Woman who told grandpa of her engagement in viral pandemic photo looks back on 'emotional moment'

In early 2020, Carly Boyd was finishing her last year of nursing school when the unthinkable happened: The world was shutting down as COVID-19 began to spread.

Despite the unsettling time, Carly did have some exciting news early that year. Her boyfriend, Trevor Sellers, proposed to her with a beautiful backdrop along the beach — and she said yes.

One person she was eager to tell was her grandfather, Shelton Mahala, who, at 87, was living in a retirement home. Unfortunately, she couldn’t visit his room at the Premier Living and Rehab Center in Lake Waccamaw, N.C., due to new safety protocols.

With Boyd unable to visit her grandfather in-person, the facility’s activity director, Gennie Parnell, suggested she try talking to him another way.

“Luckily, he was in his room and I just started knocking on the window. He came up to the window, he was very excited to see me, I was excited to see him and I just took that opportunity to let him know that I was engaged. He was really happy for me,” Boyd told Yahoo News.

Boyd recalled how her grandfather, despite having dementia, remembered her boyfriend and called him a “good man.”

“He was very excited for me. It was a very emotional moment,” she said. “I did tear up and cry a little bit. But I was just also very thankful for the opportunity that I had to at least be able to tell him.”

Parnell and her staff captured the tearful exchange, which later went viral during the early days of the pandemic and became a vivid symbol of the impact COVID-19 was having on personal relationships. The facility received permission to share the photos.

Boyd said, “[Parnell] and some staff had come up to the door and was just checking in to make sure he could hear me and stuff, and one of them decided to pull their phone out and record it for me to have. After we left, they texted me and was like, ‘Hey, is it okay if we put this on our Facebook account, so other family members know that they can come and talk to their loved ones through the window?’ Then it just kind of blew up and went crazy.”

The image of Boyd — tearing up and putting her hand against the window while her grandfather did the same — resonated with more than just people in the community. It connected with people all over the world.

“We really couldn’t believe how quickly the pictures started to generate interest and began to spread so quickly! We literally sat there and watched the numbers click up, up, up!” Parnell told Yahoo News.

Boyd said she and her dad went to a hardware store and someone stopped them to ask if she was the girl “they’re talking about on Facebook.” This was about 30 minutes after the Facebook post went up.

“The next thing I know, my local newspaper was calling me wanting an interview right then and there.”

It’s been three years since the touching moment took place, and a lot has changed. Carly Boyd is now Carly Boyd Sellers after marrying Trevor in December 2020. Now they live in their own home in Whiteville, N.C., with their dog, Hank.

The couple met on Twitter in 2017, with Carly saying that Trevor slid into her DMs (sent her a message). They exchanged numbers and hit it off from there.

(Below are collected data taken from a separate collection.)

Lemma factorsP (a : Q) : H a -> prime_seq (factors a) /\ translate a H = vprod_seq (factors a).
Proof.
move=> ha; rewrite /factors; case: pselect => [e | []]; first by case: (cid e).
by have [ps pps eps] := principal_factorization ha; exists ps.
Qed.

Lemma prime_lift_seq U : {in U, forall g, G0 g} -> prime_seq (lift U) /\ map cl (lift U) = U.
Proof.
move=> U_G0; split; first by move=> _ /mapP [g /U_G0 /prime_of_classP [pp _] ->].
by rewrite -map_comp; apply: map_id_in => g /U_G0 /prime_of_classP [].
Qed.

Lemma prime_lift U : zs_seq G0 U ->
  [/\ prime_seq (lift U), map cl (lift U) = U & zero_class (lift U)].
Proof.
move=> [/prime_lift_seq [pU clU] sU]; split=> //.
by rewrite /zero_class -(big_map cl xpredT (fun g => g)) clU.
Qed.

Lemma associated_principalP (x r : Q) : H x -> H r ->
  m_associated H x r <-> translate x H = translate r H.
Proof. by move=> hx hr; rewrite translateH_eqP; split=> [[] | ]. Qed.

Lemma irreducible_of_B_atom (x : Q) ps : H x -> prime_seq ps ->
  translate x H = vprod_seq ps -> B_atom G0 (map cl ps) -> m_irreducible H x.
Proof.
move=> hx pps ex /(B_atom_map_cl pps (zero_class_of_principal pps ex)).
by move/(irreducible_prime_atom hx pps ex).
Qed.

Lemma translate_mulrn (r : Q) ps n : translate r H = vprod_seq ps ->
  translate (r *+ n) H = vprod_seq (flatten (nseq n ps)).
Proof.
move=> e; elim: n => [|n IH]; first by rewrite mulr0n translate0.
by rewrite mulrS /= translateH_add vprod_seq_cat IH e.
Qed.

(* A factorization of the principal ideal [a H] into principal v-ideals lifts to
   a factorization of [a] itself, after absorbing a unit into the first factor. *)
Lemma lift_factorization (a : Q) qss : qss != [::] ->
  {in qss, forall qs, prime_seq qs /\ zero_class qs} ->
  translate a H = vprod_seq (flatten qss) ->
  exists2 rs, {in rs, forall x, H x} &
    \sum_(x <- rs) x = a /\ map (fun x => translate x H) rs = map vprod_seq qss.
Proof.
case: qss => // q0 qss _ pqss ea.
have gen qs : qs \in q0 :: qss ->
    H (generator qs) /\ translate (generator qs) H = vprod_seq qs.
  by case/pqss; apply: generatorP.
have /translateH_eqP [hu hNu] :
    translate a H = translate (\sum_(qs <- q0 :: qss) generator qs) H.
  rewrite ea; elim: (q0 :: qss) gen => [_ | qs s IH gen]; first by rewrite big_nil translate0.
  rewrite big_cons /= vprod_seq_cat translateH_add (gen qs (mem_head _ _)).2 IH //.
  by move=> t ts; apply: gen; rewrite inE ts orbT.
set u := a - _ in hu hNu; have [hg0 eg0] := gen q0 (mem_head _ _).
exists (generator q0 + u :: map generator qss).
  move=> x; rewrite inE => /predU1P [-> | /mapP [qs qsi ->]]; first exact: HD.
  by apply: (gen qs _).1; rewrite inE qsi orbT.
split; first by rewrite big_cons big_map addrAC /u big_cons addrC subrK.
rewrite /= -eg0; congr cons.
  by apply/translateH_eqP; rewrite addrC addKr.
rewrite -map_comp; apply/eq_in_map => qs qsi /=.
by apply: (gen qs _).2; rewrite inE qsi orbT.
Qed.

Lemma irreducible_of_lift (x : Q) V : B_atom G0 V -> H x ->
  translate x H = vprod_seq (lift V) -> m_irreducible H x.
Proof.
move=> BV hx ex; have [zV _ _] := BV; have [pV clV _] := prime_lift zV.
by apply: (irreducible_of_B_atom hx pV ex); rewrite clV.
Qed.

Lemma perm_of_associated (x r : Q) V U : zs_seq G0 V -> zs_seq G0 U -> H x -> H r ->
  translate x H = vprod_seq (lift V) -> translate r H = vprod_seq (lift U) ->
  m_associated H x r -> perm_eq V U.
Proof.
move=> zV zU hx hr ex er /(associated_principalP hx hr).
have [pV clV _] := prime_lift zV; have [pU clU _] := prime_lift zU.
rewrite ex er => /(vprod_seq_inj pV pU) /(perm_map cl).
by rewrite clV clU.
Qed.

Lemma B_abs_atom_of_abs_irreducible :
  (forall r, m_irreducible H r -> m_abs_irreducible H r) ->
  forall U, B_atom G0 U -> B_abs_atom G0 U.
Proof.
move=> abs U BU; split=> // n Vs Vs_atoms pe.
have [zU nU _] := BU; have [pl _ zl] := prime_lift zU.
have [hr er] := generatorP pl zl; set r := generator _ in hr er.
have zVs V : V \in Vs -> zs_seq G0 V by case/Vs_atoms.
have [Vs0 | nVs] := eqVneq Vs [::].
  case: n pe => [|n]; first by rewrite Vs0.
  rewrite Vs0 perm_sym => /perm_nilP /(congr1 size) /eqP.
  by rewrite /= size_cat addn_eq0 size_eq0 (negbTE nU).
have [|||rs hrs [sum_rs trs]] := @lift_factorization (r *+ n) (map lift Vs).
- by rewrite map_eq_nil.
- by move=> _ /mapP [V /zVs /prime_lift [pV _ zV] ->].
- rewrite (translate_mulrn n er) -map_nseq flatten_map_map.
  by apply: vprod_seq_perm; rewrite (flatten_map_map _ Vs) perm_map // perm_sym.
have rs_irr : {in rs, forall x, m_irreducible H x}.
  move=> x xi; have : translate x H \in map vprod_seq (map lift Vs).
    by rewrite -trs (map_f (fun y => translate y H)).
  by case/mapP=> _ /mapP [V Vi ->]; apply: irreducible_of_lift (Vs_atoms V Vi) (hrs x xi).
have [size_rs rs_assoc] := (abs r (irreducible_of_lift BU hr er)).2 n rs rs_irr sum_rs.
split=> [|V Vi]; first by rewrite -size_rs -(size_map (fun x => translate x H)) trs !size_map.
have /mapP [x xi ex] : vprod_seq (lift V) \in map (fun x => translate x H) rs.
  by rewrite trs !map_f.
exact: perm_of_associated (zVs V Vi) zU (hrs x xi) hr (esym ex) er (rs_assoc x xi).
Qed.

Boyd’s mother, Letitia Boyd, said she felt “helpless” when the pandemic hit because she wasn’t able to have the normal visits with her father like before. Her father, who moved into the home in January 2020, didn’t understand why they couldn’t come in to hug and talk like always.

Boyd made the difficult decision months later that Mahala should not attend Carly’s wedding ceremony because of strict COVID policies that were still in place at the senior living facility. He would have had to isolate for 14 days — which Boyd felt he couldn't do for that long.

Afterward, the staff captured another sweet moment: Carly and Trevor telling her grandfather they were now married.

“When I got back from my honeymoon, we went and saw him and sent him pictures through the window and told him that we were married and everything and he was very ecstatic for us,” Boyd said.

But the story doesn’t end entirely on a happy note. Mahala passed away in December 2021 at the age of 89. He died peacefully in his sleep from natural causes, Boyd said.

“Oh, that was awful,” she added about losing her father. “But at the same time, to know my dad, he was a Christian, he believed that there was a heaven waiting for him and he was just wanting to go home.”

Carly said Mahala was a mountain man, born and raised in Tennessee, who worked in factories most of his life and had a passion for playing banjo and the guitar.

“When he would be in the nursing home and we'd go visit him, the nurses said that they thoroughly enjoyed listening to him, he would just be in his room sitting or laying in the bed just singing hymns out very loudly.”

As for the viral moment, Carly — who now works at a hospital as a registered nurse — said she was shocked when it all was happening and had a lot of support from loved ones. Things have since gone back to normal.

“I had a lot of friends and family that would get up and watch that as well and would send me messages. I did have famous people like Kelly Clarkson's show reach out to me, and Ellen DeGeneres, “The Ellen Show,” they reached out to me as well,” Boyd said.

She said she didn’t make it on the Ellen or Kelly Clarkson shows because the story began to slow down, but she did do other video interviews. At times, she said, patients will ask her, “Are you that girl that got famous?”

“Kelly Clarkson Show” producers, you know what to do.